Luria-Bertani (LB) Medium Preparation

Updated 6/25/2015 06:14 PM

by Courtney Lane

Introduction

This protocol is adapted from Sambrook & Russell for the preparation of Luria-Bertani medium. It describes preparation of both liquid and 1.5% solid agar media.

Sambrook, J. & Russell, D. W. (2001). Molecular Cloning: A Laboratory Manual, 3 edn. Cold Spring Harbor, N.Y.: Cold Spring Harbor Laboratory Press. pp. A2.2

Materials

Consumables

tryptone
yeast extract (yeastolate)
NaCl
bacto agar (optional)
NaOH
selectable component (e.g., antibiotic(s)) (optional)

Disposables

weigh dishes/paper
petri dishes (optional)

Equipment

media bottle
pH meter
autoclave
balance

Procedure

Component Composition

Table1

Final Volume (mL)*

100

Table2

	A A	B B
1 1	Component	Weight (g)
2 2	tryptone	1
3 3	yeast extract	0.5
4 4	NaCl	1
5 5	bacto agar (optional)	1.5

Preparation

Add ~80% of the final volume of dH₂O to a sterile media bottle.

Generally, the capacity of the bottle should be greater than (not equal to) the final volume of media to be prepared in order to prevent the media from boiling over during the autoclave step.

Ensure you have a volumetric flask measuring your desired final volume.

Adjust the final volume in the table above and add the calculated amounts of tryptone, yeast extract, and NaCl to the dH₂O.

CRITICALDo not add agar at this point if you are preparing solid medium.

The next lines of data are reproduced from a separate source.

Lemma mx2_mul a b c d a' b' c' d' :
  mx2 a b c d *m mx2 a' b' c' d' =
  mx2 (a * a' + b * c') (a * b' + b * d') (c * a' + d * c') (c * b' + d * d').
Proof.
apply/matrixP => i j; rewrite !mxE !big_ord_recr big_ord0 /= add0r !mxE.
by case: i => [[|[|//]] ?]; case: j => [[|[|//]] ?].
Qed.

Lemma mx2_scale (s : K) a b c d : s *: mx2 a b c d = mx2 (s * a) (s * b) (s * c) (s * d).
Proof.
by apply/matrixP => i j; rewrite !mxE; case: i => [[|[|//]] ?]; case: j => [[|[|//]] ?].
Qed.

Lemma scalar_mx2 a : a%:M = mx2 a 0 0 a :> 'M[K]_2.
Proof.
by apply/matrixP => i j; rewrite !mxE; case: i => [[|[|//]] ?]; case: j => [[|[|//]] ?].
Qed.

Lemma mx2_entries (A : 'M[K]_2) : A = mx2 (A 0 0) (A 0 1) (A 1 0) (A 1 1).
Proof.
apply/matrixP => i j; rewrite mxE.
by case: i => [[|[|//]] ?]; case: j => [[|[|//]] ?]; congr (A _ _); apply: val_inj.
Qed.

Lemma det_mx2 a b c d : \det (mx2 a b c d) = a * d - b * c.
Proof.
rewrite (expand_det_row _ ord0) !big_ord_recr big_ord0 /= add0r.
by rewrite /cofactor !det_mx11 !mxE /= expr0 expr1 mul1r mulN1r mulrN.
Qed.

Definition diag1 a := mx2 a 0 0 1.
Definition Emx k := mx2 1 (- k) 1 (-1).
Definition dEd k a b := diag1 a *m Emx k *m diag1 b.
Definition EdE k p := Emx k *m diag1 p *m Emx k.
(* The trace of Emx (kappa q) *m diag1 q squares to its determinant, i.e. it has order 3
   in PGL_2; dEd_cycle below is this relation. *)
Definition kappa q := (q ^+ 2 - q + 1) / q.

Lemma diag1M a b : diag1 a *m diag1 b = diag1 (a * b).
Proof. by rewrite mx2_mul; congr mx2; ring. Qed.

Lemma dEd_mx k a b : dEd k a b = mx2 (a * b) (- (a * k)) b (-1).
Proof. by rewrite /dEd mx2_mul mx2_mul; congr mx2; ring. Qed.

Lemma EdE_mx k p : EdE k p = mx2 (p - k) (k * (1 - p)) (p - 1) (1 - k * p).
Proof. by rewrite /EdE mx2_mul mx2_mul; congr mx2; ring. Qed.

Lemma EdE_mulV k p : p != 0 -> EdE k p *m EdE k p^-1 = (1 - k) ^+ 2 *: 1%:M.
Proof. by move=> p0; rewrite !EdE_mx mx2_mul scalar_mx2 mx2_scale; congr mx2; field. Qed.

Lemma kappa_neq1 q : q != 0 -> q != 1 -> kappa q != 1.
Proof.
move=> q0 q1; rewrite -subr_eq0 (_ : _ - 1 = (q - 1) ^+ 2 / q); last by rewrite /kappa; field.
by rewrite mulf_neq0 ?invr_eq0 // expf_neq0 // subr_eq0.
Qed.

Lemma dEd_cycle q a1 a2 b2 b3 : q != 0 -> a2 != 0 -> b2 != 0 ->
  dEd (kappa q) a1 (q / a2) *m dEd (kappa q) a2 b2 *m dEd (kappa q) (q / b2) b3 =
  ((1 - kappa q) * (kappa q * q - 1)) *: diag1 (a1 * b3 / q).
Proof.
move=> q0 a20 b20; rewrite !dEd_mx !mx2_mul mx2_scale /kappa.
by congr mx2; field; rewrite ?q0 ?a20 ?b20.
Qed.

End TwoByTwo.

Section ProjectiveClosure.
Variables (K : fieldType) (S : 'M[K]_2 -> Prop).

(* The preimage in GL_2 of the subgroup of PGL_2 generated by S. *)
Definition proj_gen_by (M : 'M[K]_2) : Prop :=
  exists c w, [/\ c != 0, gen_by S w & M = c *: w].

Lemma gen_by_mul w1 w2 : gen_by S w1 -> gen_by S w2 -> gen_by S (w1 *m w2).
Proof.
elim=> [|g w Sg _ IH|g w Sg _ IH] Sw2; first by rewrite mul1mx.
  by rewrite -mulmxA; apply: gen_mul => //; apply: IH.
by rewrite -mulmxA; apply: gen_inv => //; apply: IH.
Qed.

Lemma proj_gen_by_mul A B : proj_gen_by A -> proj_gen_by B -> proj_gen_by (A *m B).
Proof.
move=> [c [w [c0 Sw ->]]] [c' [w' [c0' Sw' ->]]].
exists (c * c'), (w *m w'); split; first by rewrite mulf_neq0.
  exact: gen_by_mul.
by rewrite -scalemxAl -scalemxAr scalerA.
Qed.

Lemma proj_gen_by_scale c A : c != 0 -> proj_gen_by A -> proj_gen_by (c *: A).
Proof.
move=> c0 [c' [w [c0' Sw ->]]]; exists (c * c'), w.
by rewrite scalerA mulf_neq0.
Qed.

Lemma proj_gen_by_gen A : S A -> proj_gen_by A.
Proof.
move=> SA; exists 1, A; rewrite oner_neq0 scale1r; split => //.
by rewrite -[A]mulmx1; apply: gen_mul => //; apply: gen_one.
Qed.

End ProjectiveClosure.

Lemma affine_neq0 (K : fieldType) (u v p : K) :
  (u != 0) || (v != 0) -> p != v / u -> u * p - v != 0.
Proof.
case: (eqVneq u 0) => [-> /= v0 _|u0 _ pv]; first by rewrite mul0r sub0r oppr_eq0.
rewrite (_ : u * p - v = u * (p - v / u)); last by field.
by rewrite mulf_neq0 // subr_eq0.
Qed.

Section ClosedField.
Variable K : closedFieldType.

Lemma exists_notin (l : seq K) : exists r, r \notin l.
Proof.
have /closed_nonrootP[r] := monic_neq0 (monic_prod_XsubC l xpredT id).
by rewrite root_prod_XsubC; exists r.
Qed.

Lemma monic_quadratic_root (b c : K) : exists r, r ^+ 2 + b * r + c = 0.
Proof.
have [r] := @solve_monicpoly _ 2 (fun i => if i == 0%N then - c else - b) isT.
rewrite !big_ord_recr big_ord0 /= add0r expr0 expr1 mulr1 => rE.
by exists r; rewrite rE; ring.
Qed.

Lemma rational_fun_cofinite (N D : {poly K}) (F : seq K) :
  (1 < size D)%N -> coprimep D N ->
  exists Bad : seq K, forall c, c \notin Bad -> exists2 s, s \notin F & N.[s] / D.[s] = c.
Proof.
move=> D_gt1 /Pdiv.ClosedField.coprimepP DN.
exists [:: 0, lead_coef N / lead_coef D & [seq N.[b] / D.[b] | b <- F]] => c.
rewrite !in_cons !negb_or => /and3P[c0 c_lead c_F].
have lcD0 : lead_coef D != 0 by rewrite lead_coef_eq0 -size_poly_gt0 ltnW.
have : size (N - c *: D) != 1.
  apply: contra c_lead => /eqP size1; apply/eqP.
  by rewrite -[N](subrK (c *: D)) lead_coefDr ?lead_coefZ ?mulfK // size_scale // size1.
case/closed_rootP=> s; rewrite rootE !hornerE subr_eq0 => /eqP NcD.
have Ds0 : D.[s] != 0.
  by apply/eqP => Ds0; move: (DN s); rewrite rootE NcD Ds0 mulr0 eqxx => /(_ isT).
exists s; last by rewrite NcD mulfK.
by apply: contra c_F => sF; apply/mapP; exists s; rewrite // NcD mulfK.
Qed.

End ClosedField.

Section TorusAndOneMatrixGenerate.
Variables (K : closedFieldType) (k : K) (H : 'M[K]_2 -> Prop).
Hypotheses (k0 : k != 0) (k1 : k != 1).
Hypothesis H_mul : forall A B, H A -> H B -> H (A *m B).
Hypothesis H_scale : forall c A, c != 0 -> H A -> H (c *: A).
Hypothesis H_diag1 : forall a, a != 0 -> H (diag1 a).
Hypothesis H_Emx : H (Emx k).

Lemma H_unscale c A : c != 0 -> H (c *: A) -> H A.
Proof.
by move=> c0 /(H_scale (invr_neq0 c0)); rewrite scalerA mulVf // scale1r.
Qed.

Lemma H_diag a b : a != 0 -> b != 0 -> H (mx2 a 0 0 b).
Proof.
move=> a0 b0; have -> : mx2 a 0 0 b = b *: diag1 (a / b).
  by rewrite mx2_scale; congr mx2; field.
by apply/H_scale/H_diag1; rewrite // mulf_neq0 ?invr_eq0.
Qed.

Lemma H_EdE p : p != 0 -> H (EdE k p).
Proof. by move=> p0; apply: H_mul (H_mul H_Emx (H_diag1 p0)) H_Emx. Qed.

Lemma H_diag_equiv a b c d a' b' c' d' :
  a != 0 -> b != 0 -> c != 0 -> a' != 0 -> b' != 0 -> c' != 0 ->
  a * d * b' * c' = a' * d' * b * c ->
  H (mx2 a' b' c' d') -> H (mx2 a b c d).
Proof.
move=> a0 b0 c0 a0' b0' c0' cross HM.
have -> : d = a' * d' * b * c / (a * b' * c') by rewrite -cross; field; rewrite ?a0 ?b0' ?c0'.
have -> : mx2 a b c (a' * d' * b * c / (a * b' * c')) =
    mx2 1 0 0 (c * a' / (a * c')) *m mx2 a' b' c' d' *m mx2 (a / a') 0 0 (b / b').
  by rewrite !mx2_mul; congr mx2; field; rewrite ?a0 ?a0' ?b0' ?c0'.
apply: H_mul (H_mul (H_diag _ _) HM) (H_diag _ _);
  by rewrite ?oner_neq0 ?mulf_neq0 ?invr_eq0 ?mulf_neq0.
Qed.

Seal the cap of the media bottle and shake until components are completely dissolved.

Neutralize (pH = 7.0) the solution using NaOH.

Approximately 1mL of 1N NaOH should be expected.

Transfer the solution to a sterile volumetric flask and adjust the final volume using dH₂O, then return it to the media bottle.

Ensure the solution is well mixed before returning it to the media bottle.

SOLID MEDIUM ONLY Add the appropriate amount of agar to the solution.

CRITICALBacto agar does not need to dissolve at this point.

Note: The density of agar is ~1g/mL, it should only increase the final volume by 1.5%, which is negligible.

Apply autoclave tape to the bottle and autoclave on liquids cycle. Read step 8.

CRITICALLiquids cycle.

If adding selectable components or preparing solid medium, begin warming a water bath to 55°C.

SOLID MEDIUM ONLY, begin labeling approximately 1 plate per 15mL of medium.

LIQUID MEDIUM ONLY If you are not adding selectable components, go to step 14.

Allow solution to cool to 55°C in water bath.

If adding selectable components, add them at this point.

CRITICALEnsure solution is well mixed.

SOLID MEDIUM ONLY Pour approximately 15mL into each labeled petri dish and allow to cool to room temperature.

CRITICALEnsure entire bottom of dish is covered.

SOLID MEDIUM ONLY Once media has gelled, replace the dishes inverted into their respective sleeve.

CRITICALSolid media should always be stored/incubated in the inverted position.

Store media at 4°C.

Comments

Sweta Ravisankar

10/25/2017 04:00 PM

Hi,

While preparing the LB liquid medium from LB agar, I am facing two problem (not at the same time)
1. Either my medium solidifies at room temperature.
2. or I am getting precipitates in my LB medium.

I have prepared it by dissolving 32g of LB agar in i L of water.

Please let me know if you have any comments or suggestions about this.

Thanks,
Sweta

Daniel Slade

7/3/2018 02:41 AM

Sweta, 32g per liter is far too much as this would give you 3.2% agar plates. You need to add 15g of agar per liter to make it 1.5% agar final. Make sure you pour while still warm, as suggested at the 55˚C recommendation in the protocol.

Sami Ullah

10/3/2018 06:26 PM

how can i calculate the percentage of my liquid medium.? like 32g per liter gives 3.2% og agar plate

Paulina Corral Villa

7/22/2020 12:53 AM

Sami, the rule for solid media is to add 1.5% to 2% agar. 3.2 is for 2.13 liters.